[Saved entries]
• • • • • • •
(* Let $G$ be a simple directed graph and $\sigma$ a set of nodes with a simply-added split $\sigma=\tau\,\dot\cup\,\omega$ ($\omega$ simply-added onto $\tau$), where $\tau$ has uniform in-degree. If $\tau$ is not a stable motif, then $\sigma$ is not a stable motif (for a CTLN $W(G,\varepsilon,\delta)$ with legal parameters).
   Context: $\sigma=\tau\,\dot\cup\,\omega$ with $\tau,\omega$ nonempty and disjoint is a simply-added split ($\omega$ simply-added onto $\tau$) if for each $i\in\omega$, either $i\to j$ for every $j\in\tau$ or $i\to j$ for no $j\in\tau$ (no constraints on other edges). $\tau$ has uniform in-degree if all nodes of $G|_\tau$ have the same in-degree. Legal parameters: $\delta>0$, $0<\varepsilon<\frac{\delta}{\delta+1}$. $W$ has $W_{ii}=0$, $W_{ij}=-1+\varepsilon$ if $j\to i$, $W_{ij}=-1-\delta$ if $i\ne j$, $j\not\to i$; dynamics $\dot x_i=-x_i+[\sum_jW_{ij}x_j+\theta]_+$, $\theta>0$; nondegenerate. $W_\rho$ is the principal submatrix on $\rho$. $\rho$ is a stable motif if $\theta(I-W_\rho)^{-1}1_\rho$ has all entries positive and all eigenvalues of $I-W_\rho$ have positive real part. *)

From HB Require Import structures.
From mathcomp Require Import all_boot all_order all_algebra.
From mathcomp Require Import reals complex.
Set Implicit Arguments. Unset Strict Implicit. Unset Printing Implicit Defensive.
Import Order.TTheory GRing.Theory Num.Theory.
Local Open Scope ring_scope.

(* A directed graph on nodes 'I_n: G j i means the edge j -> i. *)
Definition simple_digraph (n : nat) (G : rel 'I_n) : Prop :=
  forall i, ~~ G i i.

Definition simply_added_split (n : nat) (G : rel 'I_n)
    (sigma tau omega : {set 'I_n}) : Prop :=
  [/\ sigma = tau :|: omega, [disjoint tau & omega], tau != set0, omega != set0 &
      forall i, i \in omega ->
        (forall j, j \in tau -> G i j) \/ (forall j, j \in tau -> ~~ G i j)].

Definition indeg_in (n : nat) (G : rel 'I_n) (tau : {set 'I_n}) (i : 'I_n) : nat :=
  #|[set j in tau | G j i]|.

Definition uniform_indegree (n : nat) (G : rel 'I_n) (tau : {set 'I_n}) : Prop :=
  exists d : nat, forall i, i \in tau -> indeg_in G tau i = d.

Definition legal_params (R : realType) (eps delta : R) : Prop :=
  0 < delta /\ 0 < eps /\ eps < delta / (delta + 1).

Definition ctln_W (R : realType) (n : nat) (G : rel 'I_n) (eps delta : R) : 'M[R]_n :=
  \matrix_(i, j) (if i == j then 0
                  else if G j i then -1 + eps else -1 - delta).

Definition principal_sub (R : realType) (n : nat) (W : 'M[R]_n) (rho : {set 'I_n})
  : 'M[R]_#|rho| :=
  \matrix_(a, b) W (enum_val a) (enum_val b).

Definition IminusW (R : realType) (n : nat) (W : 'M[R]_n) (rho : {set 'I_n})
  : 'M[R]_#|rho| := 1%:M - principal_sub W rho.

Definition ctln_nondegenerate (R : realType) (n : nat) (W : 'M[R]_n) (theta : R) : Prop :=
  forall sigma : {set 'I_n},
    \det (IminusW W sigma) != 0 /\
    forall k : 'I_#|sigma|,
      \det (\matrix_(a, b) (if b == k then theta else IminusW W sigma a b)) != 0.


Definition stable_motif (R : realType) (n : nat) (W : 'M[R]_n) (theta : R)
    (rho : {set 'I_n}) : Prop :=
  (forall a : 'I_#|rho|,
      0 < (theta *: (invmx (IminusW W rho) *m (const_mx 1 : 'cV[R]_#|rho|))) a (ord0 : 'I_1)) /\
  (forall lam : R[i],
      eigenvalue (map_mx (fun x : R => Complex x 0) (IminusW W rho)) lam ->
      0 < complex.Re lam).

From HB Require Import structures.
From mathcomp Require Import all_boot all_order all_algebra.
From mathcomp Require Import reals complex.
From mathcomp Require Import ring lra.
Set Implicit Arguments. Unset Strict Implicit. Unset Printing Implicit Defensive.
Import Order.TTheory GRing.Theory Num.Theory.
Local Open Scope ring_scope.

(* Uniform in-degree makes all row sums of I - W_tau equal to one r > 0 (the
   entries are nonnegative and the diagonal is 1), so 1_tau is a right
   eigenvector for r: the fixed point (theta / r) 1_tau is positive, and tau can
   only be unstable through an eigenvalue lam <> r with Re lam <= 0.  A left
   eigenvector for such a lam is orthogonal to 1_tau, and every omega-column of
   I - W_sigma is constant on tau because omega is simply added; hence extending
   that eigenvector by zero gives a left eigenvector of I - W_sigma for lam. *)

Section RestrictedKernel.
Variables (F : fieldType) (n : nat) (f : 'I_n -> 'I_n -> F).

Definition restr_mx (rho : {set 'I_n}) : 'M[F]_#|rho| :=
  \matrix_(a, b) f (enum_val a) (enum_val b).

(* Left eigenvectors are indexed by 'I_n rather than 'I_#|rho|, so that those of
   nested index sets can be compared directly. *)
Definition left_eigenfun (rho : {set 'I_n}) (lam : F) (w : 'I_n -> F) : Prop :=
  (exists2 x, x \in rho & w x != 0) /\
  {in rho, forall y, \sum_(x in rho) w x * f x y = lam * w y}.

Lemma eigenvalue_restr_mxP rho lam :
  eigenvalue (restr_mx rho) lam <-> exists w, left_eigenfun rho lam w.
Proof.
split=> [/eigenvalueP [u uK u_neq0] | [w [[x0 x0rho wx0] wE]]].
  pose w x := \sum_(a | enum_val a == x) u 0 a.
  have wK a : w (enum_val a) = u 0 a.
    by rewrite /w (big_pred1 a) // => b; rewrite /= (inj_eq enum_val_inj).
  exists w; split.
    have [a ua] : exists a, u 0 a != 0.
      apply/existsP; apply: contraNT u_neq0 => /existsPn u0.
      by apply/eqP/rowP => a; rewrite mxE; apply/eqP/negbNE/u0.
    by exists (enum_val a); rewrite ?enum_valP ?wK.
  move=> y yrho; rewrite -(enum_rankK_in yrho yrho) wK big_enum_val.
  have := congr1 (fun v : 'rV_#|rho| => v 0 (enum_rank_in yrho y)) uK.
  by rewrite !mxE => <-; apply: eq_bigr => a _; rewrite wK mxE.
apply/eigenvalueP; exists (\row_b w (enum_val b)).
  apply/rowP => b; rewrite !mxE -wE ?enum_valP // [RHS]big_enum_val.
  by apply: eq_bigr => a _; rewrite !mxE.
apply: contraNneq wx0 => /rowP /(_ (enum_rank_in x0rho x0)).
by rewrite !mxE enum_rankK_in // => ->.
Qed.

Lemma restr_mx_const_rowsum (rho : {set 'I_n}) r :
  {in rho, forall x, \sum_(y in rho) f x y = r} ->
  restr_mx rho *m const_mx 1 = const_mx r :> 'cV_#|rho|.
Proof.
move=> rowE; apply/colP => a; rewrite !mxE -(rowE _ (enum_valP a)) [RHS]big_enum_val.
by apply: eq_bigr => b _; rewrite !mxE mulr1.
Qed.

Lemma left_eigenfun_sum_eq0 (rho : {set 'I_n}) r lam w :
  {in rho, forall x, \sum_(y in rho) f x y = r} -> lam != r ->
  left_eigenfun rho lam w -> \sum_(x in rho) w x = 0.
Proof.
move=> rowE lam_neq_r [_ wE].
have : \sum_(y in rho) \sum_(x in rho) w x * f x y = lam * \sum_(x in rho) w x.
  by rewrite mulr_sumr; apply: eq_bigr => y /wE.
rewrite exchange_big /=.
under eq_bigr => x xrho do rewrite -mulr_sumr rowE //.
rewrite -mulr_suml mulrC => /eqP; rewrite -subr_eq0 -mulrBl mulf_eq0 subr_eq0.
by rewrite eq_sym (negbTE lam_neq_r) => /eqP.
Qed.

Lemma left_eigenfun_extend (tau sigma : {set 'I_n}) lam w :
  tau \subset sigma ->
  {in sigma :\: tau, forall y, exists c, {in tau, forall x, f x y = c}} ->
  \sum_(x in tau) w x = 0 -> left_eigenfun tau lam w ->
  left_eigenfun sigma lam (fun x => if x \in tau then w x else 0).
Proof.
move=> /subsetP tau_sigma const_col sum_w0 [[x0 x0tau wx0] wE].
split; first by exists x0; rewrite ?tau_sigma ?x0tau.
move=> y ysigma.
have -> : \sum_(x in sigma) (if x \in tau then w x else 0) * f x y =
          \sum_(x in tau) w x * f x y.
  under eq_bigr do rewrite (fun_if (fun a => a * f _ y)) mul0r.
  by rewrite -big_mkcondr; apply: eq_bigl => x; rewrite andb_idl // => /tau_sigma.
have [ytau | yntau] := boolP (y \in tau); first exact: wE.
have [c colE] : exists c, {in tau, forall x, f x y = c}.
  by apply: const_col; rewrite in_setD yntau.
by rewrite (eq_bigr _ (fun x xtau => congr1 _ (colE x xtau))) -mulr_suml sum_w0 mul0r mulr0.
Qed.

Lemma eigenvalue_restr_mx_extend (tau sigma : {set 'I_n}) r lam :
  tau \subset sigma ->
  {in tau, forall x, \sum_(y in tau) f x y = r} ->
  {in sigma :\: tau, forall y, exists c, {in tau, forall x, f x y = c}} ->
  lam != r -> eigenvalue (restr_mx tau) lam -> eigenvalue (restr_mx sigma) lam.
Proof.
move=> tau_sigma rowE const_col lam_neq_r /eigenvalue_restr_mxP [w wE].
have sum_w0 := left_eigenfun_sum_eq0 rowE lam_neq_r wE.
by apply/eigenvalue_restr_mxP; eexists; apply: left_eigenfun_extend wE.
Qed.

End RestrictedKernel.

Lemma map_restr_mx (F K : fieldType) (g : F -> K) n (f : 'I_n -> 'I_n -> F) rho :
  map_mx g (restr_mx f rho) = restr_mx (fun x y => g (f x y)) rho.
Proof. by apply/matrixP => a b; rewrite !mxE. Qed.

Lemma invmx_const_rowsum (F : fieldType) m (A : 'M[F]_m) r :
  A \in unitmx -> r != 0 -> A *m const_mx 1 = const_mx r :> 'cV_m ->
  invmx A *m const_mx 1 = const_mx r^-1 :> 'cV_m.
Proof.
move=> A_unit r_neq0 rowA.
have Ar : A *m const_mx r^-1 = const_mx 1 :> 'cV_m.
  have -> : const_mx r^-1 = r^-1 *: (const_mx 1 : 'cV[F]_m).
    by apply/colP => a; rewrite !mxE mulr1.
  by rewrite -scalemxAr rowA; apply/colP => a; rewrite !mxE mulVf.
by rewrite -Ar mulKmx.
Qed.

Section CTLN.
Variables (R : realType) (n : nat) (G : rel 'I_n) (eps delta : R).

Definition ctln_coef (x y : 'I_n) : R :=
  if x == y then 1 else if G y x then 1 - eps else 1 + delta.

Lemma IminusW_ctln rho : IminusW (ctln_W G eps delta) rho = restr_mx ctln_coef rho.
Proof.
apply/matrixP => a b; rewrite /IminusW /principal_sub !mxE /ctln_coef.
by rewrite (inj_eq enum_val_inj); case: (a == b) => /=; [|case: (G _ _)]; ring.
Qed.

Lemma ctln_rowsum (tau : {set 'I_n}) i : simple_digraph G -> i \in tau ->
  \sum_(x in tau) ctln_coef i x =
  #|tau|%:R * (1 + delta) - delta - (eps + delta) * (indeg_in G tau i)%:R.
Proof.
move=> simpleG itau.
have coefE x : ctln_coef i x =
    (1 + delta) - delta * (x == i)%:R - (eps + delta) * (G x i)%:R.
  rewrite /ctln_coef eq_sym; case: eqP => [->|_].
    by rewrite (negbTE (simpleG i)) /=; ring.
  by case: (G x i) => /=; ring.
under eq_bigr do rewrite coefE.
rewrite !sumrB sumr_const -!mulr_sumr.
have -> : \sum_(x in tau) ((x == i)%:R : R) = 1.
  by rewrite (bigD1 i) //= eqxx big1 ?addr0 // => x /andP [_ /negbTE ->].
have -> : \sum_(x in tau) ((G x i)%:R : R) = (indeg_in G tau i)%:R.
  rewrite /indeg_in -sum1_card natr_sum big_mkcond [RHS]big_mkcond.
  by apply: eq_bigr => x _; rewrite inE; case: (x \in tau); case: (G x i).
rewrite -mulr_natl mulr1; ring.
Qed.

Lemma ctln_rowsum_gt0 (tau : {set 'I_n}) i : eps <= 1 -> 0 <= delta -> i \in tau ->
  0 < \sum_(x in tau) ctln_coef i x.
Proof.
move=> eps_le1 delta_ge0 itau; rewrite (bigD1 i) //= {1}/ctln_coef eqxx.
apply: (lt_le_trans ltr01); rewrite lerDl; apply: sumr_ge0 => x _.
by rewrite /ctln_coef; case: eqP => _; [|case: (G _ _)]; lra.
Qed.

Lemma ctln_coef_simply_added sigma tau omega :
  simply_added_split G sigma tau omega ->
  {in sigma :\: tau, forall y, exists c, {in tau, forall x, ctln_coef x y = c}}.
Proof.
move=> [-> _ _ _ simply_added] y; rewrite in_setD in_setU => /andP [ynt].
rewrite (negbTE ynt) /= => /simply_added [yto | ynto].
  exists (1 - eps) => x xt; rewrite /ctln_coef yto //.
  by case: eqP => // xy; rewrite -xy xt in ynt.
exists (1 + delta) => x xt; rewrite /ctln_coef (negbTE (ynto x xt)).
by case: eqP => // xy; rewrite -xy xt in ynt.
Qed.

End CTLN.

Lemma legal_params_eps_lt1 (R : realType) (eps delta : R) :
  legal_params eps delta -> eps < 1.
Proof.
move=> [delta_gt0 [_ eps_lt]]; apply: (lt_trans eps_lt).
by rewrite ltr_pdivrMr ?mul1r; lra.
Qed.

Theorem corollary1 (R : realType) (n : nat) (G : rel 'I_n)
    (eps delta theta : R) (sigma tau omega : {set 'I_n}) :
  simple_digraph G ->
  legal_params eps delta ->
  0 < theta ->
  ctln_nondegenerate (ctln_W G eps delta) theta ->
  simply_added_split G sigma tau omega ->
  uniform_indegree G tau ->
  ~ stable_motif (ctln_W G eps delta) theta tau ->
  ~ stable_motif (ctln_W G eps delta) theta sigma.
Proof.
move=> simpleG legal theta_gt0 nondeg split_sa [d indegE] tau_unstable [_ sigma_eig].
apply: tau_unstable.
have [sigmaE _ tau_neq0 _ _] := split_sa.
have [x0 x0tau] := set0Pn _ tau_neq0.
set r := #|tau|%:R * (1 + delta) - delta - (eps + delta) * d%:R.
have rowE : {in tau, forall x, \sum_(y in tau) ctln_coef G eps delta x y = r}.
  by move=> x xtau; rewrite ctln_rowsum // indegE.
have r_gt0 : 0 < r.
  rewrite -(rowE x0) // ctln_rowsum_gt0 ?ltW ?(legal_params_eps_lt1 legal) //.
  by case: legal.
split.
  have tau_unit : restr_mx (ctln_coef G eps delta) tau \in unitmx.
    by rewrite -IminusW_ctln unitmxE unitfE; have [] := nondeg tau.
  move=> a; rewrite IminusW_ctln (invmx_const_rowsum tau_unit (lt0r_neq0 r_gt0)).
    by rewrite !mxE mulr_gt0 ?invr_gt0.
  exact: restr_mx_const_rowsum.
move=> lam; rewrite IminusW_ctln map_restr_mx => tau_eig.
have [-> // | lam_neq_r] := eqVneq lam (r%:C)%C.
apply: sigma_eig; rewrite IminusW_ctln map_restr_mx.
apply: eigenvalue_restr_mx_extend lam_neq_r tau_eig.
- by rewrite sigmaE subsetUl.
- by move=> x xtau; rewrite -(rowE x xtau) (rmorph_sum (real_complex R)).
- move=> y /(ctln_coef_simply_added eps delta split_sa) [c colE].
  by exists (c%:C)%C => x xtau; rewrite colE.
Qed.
• • • • • • •
Problem details
Using the records above, set down exactly the lines from the one with "Definition principal_sub (R" through the one with "nested index sets", inclusive, and nothing more.

Solution to this problem
Definition principal_sub (R : realType) (n : nat) (W : 'M[R]_n) (rho : {set 'I_n})
  : 'M[R]_#|rho| :=
  \matrix_(a, b) W (enum_val a) (enum_val b).

Definition IminusW (R : realType) (n : nat) (W : 'M[R]_n) (rho : {set 'I_n})
  : 'M[R]_#|rho| := 1%:M - principal_sub W rho.

Definition ctln_nondegenerate (R : realType) (n : nat) (W : 'M[R]_n) (theta : R) : Prop :=
  forall sigma : {set 'I_n},
    \det (IminusW W sigma) != 0 /\
    forall k : 'I_#|sigma|,
      \det (\matrix_(a, b) (if b == k then theta else IminusW W sigma a b)) != 0.


Definition stable_motif (R : realType) (n : nat) (W : 'M[R]_n) (theta : R)
    (rho : {set 'I_n}) : Prop :=
  (forall a : 'I_#|rho|,
      0 < (theta *: (invmx (IminusW W rho) *m (const_mx 1 : 'cV[R]_#|rho|))) a (ord0 : 'I_1)) /\
  (forall lam : R[i],
      eigenvalue (map_mx (fun x : R => Complex x 0) (IminusW W rho)) lam ->
      0 < complex.Re lam).

From HB Require Import structures.
From mathcomp Require Import all_boot all_order all_algebra.
From mathcomp Require Import reals complex.
From mathcomp Require Import ring lra.
Set Implicit Arguments. Unset Strict Implicit. Unset Printing Implicit Defensive.
Import Order.TTheory GRing.Theory Num.Theory.
Local Open Scope ring_scope.

(* Uniform in-degree makes all row sums of I - W_tau equal to one r > 0 (the
   entries are nonnegative and the diagonal is 1), so 1_tau is a right
   eigenvector for r: the fixed point (theta / r) 1_tau is positive, and tau can
   only be unstable through an eigenvalue lam <> r with Re lam <= 0.  A left
   eigenvector for such a lam is orthogonal to 1_tau, and every omega-column of
   I - W_sigma is constant on tau because omega is simply added; hence extending
   that eigenvector by zero gives a left eigenvector of I - W_sigma for lam. *)

Section RestrictedKernel.
Variables (F : fieldType) (n : nat) (f : 'I_n -> 'I_n -> F).

Definition restr_mx (rho : {set 'I_n}) : 'M[F]_#|rho| :=
  \matrix_(a, b) f (enum_val a) (enum_val b).

(* Left eigenvectors are indexed by 'I_n rather than 'I_#|rho|, so that those of
   nested index sets can be compared directly. *)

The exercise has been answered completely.